> **Your task**:
Transcribe, verbatim, every line from the start of the entries through the line that contains "vertex set V"; include both boundary lines and omit all others.

[Stored items from a collection]
►

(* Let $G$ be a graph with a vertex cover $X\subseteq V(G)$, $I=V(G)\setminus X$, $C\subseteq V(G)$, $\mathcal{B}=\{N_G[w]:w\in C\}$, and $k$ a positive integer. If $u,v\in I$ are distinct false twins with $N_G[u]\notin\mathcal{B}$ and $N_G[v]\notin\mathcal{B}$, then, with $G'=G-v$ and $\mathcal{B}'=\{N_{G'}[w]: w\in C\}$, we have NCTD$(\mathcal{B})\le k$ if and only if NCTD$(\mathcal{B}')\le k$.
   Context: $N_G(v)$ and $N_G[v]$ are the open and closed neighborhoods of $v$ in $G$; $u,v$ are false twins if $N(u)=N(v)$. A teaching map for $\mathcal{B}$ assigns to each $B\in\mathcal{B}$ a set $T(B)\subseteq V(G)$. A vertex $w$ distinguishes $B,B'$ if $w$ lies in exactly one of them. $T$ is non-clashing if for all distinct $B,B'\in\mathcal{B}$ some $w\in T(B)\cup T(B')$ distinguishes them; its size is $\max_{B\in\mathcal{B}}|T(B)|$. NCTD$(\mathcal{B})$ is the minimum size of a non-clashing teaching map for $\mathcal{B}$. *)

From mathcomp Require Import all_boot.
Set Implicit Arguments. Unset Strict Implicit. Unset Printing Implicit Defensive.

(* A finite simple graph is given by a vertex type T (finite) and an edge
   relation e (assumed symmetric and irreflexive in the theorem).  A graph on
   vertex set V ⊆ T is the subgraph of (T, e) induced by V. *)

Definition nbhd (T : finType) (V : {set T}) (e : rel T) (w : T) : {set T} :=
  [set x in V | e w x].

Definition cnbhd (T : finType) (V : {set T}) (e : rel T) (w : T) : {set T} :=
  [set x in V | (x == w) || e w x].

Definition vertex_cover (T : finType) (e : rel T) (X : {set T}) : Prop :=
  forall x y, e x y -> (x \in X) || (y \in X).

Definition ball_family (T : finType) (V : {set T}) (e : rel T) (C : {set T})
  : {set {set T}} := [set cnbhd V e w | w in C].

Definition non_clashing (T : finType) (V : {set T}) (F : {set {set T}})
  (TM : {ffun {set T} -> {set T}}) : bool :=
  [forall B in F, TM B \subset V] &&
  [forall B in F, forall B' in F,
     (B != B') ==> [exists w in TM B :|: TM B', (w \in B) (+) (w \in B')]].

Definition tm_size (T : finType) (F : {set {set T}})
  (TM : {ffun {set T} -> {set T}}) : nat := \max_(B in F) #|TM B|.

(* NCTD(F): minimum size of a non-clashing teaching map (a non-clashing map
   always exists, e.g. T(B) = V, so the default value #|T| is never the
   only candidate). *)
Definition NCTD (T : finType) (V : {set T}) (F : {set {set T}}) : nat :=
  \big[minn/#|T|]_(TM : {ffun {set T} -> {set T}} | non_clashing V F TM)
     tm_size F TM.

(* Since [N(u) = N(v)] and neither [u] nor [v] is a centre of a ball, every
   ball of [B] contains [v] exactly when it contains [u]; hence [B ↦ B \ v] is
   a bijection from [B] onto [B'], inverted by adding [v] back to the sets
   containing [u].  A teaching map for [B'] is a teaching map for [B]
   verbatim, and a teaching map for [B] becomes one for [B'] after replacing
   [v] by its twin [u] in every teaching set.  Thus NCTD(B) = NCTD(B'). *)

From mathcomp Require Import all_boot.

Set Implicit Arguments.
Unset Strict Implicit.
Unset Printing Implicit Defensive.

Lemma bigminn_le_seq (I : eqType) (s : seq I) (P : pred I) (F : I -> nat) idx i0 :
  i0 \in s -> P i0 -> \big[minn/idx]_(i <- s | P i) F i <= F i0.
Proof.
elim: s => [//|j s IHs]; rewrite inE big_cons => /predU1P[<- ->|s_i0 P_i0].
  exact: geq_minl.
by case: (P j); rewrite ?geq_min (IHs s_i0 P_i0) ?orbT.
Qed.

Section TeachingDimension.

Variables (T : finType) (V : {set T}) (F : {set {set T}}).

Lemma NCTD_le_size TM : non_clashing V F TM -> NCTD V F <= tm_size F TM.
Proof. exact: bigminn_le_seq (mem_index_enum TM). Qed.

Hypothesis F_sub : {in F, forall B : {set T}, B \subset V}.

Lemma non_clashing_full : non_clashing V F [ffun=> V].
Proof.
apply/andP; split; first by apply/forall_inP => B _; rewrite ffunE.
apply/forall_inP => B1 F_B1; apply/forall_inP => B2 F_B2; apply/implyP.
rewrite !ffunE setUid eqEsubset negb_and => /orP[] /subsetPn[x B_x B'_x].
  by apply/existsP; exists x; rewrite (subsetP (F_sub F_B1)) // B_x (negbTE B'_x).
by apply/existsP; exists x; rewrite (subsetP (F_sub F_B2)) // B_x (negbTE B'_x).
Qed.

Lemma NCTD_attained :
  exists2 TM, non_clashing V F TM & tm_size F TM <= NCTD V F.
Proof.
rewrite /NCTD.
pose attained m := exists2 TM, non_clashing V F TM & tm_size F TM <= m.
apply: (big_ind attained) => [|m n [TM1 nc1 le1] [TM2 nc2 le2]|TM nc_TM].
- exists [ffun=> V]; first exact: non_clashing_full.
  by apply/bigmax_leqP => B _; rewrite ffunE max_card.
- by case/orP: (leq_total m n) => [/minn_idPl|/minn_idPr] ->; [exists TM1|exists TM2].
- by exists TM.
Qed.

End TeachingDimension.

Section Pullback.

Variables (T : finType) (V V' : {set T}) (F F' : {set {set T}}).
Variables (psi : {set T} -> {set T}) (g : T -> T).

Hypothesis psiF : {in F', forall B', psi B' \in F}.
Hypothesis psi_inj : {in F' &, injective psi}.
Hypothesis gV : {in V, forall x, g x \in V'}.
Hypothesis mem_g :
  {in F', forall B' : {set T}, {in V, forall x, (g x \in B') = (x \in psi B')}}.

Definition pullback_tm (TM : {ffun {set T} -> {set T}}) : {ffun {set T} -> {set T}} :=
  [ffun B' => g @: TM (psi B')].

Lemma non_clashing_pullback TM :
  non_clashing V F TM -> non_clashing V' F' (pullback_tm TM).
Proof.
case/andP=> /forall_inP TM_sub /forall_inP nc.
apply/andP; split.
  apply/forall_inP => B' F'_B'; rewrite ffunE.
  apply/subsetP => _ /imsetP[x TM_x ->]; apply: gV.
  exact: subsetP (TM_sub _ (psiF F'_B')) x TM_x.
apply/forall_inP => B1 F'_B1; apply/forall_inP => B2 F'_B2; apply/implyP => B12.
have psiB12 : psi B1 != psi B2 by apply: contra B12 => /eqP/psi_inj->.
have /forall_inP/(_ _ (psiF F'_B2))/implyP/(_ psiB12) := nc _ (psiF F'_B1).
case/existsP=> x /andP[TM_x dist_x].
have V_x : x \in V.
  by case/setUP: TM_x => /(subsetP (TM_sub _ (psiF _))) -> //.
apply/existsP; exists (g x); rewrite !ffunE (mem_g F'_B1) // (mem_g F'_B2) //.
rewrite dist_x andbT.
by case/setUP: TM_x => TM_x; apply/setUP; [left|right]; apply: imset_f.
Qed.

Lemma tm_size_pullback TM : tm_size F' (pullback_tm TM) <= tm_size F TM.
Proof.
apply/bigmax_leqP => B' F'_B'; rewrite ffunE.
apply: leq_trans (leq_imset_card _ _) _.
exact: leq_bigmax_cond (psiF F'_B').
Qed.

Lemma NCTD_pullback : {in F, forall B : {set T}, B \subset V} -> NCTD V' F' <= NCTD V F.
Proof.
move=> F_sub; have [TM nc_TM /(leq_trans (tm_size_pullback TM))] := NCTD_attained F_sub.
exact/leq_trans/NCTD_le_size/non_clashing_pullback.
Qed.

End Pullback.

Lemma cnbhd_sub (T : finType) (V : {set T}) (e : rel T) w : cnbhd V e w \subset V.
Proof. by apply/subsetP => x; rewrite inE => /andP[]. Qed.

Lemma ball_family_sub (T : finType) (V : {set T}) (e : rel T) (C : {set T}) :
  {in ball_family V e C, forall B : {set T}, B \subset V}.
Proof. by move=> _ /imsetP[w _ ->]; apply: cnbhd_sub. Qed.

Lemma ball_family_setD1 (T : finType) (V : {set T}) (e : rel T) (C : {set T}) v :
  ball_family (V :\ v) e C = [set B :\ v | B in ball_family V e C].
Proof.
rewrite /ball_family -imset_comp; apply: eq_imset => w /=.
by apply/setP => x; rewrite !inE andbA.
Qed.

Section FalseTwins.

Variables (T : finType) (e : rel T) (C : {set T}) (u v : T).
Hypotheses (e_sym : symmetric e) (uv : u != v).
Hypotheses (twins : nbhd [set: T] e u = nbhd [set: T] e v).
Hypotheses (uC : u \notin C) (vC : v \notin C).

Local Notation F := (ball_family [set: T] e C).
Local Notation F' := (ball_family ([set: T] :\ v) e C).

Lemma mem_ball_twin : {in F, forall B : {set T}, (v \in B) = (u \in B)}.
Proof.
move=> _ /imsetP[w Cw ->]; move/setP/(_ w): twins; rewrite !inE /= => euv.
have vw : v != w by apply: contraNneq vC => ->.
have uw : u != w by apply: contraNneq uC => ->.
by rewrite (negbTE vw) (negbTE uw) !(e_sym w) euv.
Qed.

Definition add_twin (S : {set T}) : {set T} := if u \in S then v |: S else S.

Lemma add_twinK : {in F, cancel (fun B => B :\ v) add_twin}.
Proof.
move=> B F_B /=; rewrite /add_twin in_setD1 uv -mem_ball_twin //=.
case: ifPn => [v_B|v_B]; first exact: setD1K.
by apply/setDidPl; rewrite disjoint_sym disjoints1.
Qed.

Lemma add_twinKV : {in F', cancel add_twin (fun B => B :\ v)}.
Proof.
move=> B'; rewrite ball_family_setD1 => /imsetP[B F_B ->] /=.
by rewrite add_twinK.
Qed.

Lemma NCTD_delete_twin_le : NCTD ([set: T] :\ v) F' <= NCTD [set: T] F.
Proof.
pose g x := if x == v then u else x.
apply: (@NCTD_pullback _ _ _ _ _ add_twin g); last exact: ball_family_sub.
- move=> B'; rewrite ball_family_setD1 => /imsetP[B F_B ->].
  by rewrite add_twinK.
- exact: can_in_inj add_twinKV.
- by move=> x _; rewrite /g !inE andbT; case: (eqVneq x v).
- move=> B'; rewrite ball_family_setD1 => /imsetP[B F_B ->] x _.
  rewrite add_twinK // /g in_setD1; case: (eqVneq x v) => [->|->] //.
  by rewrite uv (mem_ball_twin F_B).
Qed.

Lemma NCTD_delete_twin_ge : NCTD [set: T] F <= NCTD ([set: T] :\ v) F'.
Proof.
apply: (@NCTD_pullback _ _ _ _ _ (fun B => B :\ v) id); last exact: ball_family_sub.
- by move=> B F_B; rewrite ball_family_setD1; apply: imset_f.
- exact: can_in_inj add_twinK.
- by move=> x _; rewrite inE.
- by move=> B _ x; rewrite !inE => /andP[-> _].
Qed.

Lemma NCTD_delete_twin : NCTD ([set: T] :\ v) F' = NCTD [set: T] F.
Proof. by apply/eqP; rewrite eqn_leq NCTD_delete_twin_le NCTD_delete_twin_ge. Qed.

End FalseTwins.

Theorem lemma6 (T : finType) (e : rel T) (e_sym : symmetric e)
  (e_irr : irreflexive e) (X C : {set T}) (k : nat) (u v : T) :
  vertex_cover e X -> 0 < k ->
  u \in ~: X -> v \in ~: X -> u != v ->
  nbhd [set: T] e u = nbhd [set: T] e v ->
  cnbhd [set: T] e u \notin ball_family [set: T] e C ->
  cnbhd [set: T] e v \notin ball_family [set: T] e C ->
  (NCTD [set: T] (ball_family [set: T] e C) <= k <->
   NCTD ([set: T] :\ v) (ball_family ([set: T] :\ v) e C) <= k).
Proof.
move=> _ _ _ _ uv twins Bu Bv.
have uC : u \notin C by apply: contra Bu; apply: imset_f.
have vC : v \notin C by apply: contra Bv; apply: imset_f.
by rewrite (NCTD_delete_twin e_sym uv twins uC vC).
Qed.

◄

> **Your solution**:
(* Let $G$ be a graph with a vertex cover $X\subseteq V(G)$, $I=V(G)\setminus X$, $C\subseteq V(G)$, $\mathcal{B}=\{N_G[w]:w\in C\}$, and $k$ a positive integer. If $u,v\in I$ are distinct false twins with $N_G[u]\notin\mathcal{B}$ and $N_G[v]\notin\mathcal{B}$, then, with $G'=G-v$ and $\mathcal{B}'=\{N_{G'}[w]: w\in C\}$, we have NCTD$(\mathcal{B})\le k$ if and only if NCTD$(\mathcal{B}')\le k$.
   Context: $N_G(v)$ and $N_G[v]$ are the open and closed neighborhoods of $v$ in $G$; $u,v$ are false twins if $N(u)=N(v)$. A teaching map for $\mathcal{B}$ assigns to each $B\in\mathcal{B}$ a set $T(B)\subseteq V(G)$. A vertex $w$ distinguishes $B,B'$ if $w$ lies in exactly one of them. $T$ is non-clashing if for all distinct $B,B'\in\mathcal{B}$ some $w\in T(B)\cup T(B')$ distinguishes them; its size is $\max_{B\in\mathcal{B}}|T(B)|$. NCTD$(\mathcal{B})$ is the minimum size of a non-clashing teaching map for $\mathcal{B}$. *)

From mathcomp Require Import all_boot.
Set Implicit Arguments. Unset Strict Implicit. Unset Printing Implicit Defensive.

(* A finite simple graph is given by a vertex type T (finite) and an edge
   relation e (assumed symmetric and irreflexive in the theorem).  A graph on
   vertex set V ⊆ T is the subgraph of (T, e) induced by V. *)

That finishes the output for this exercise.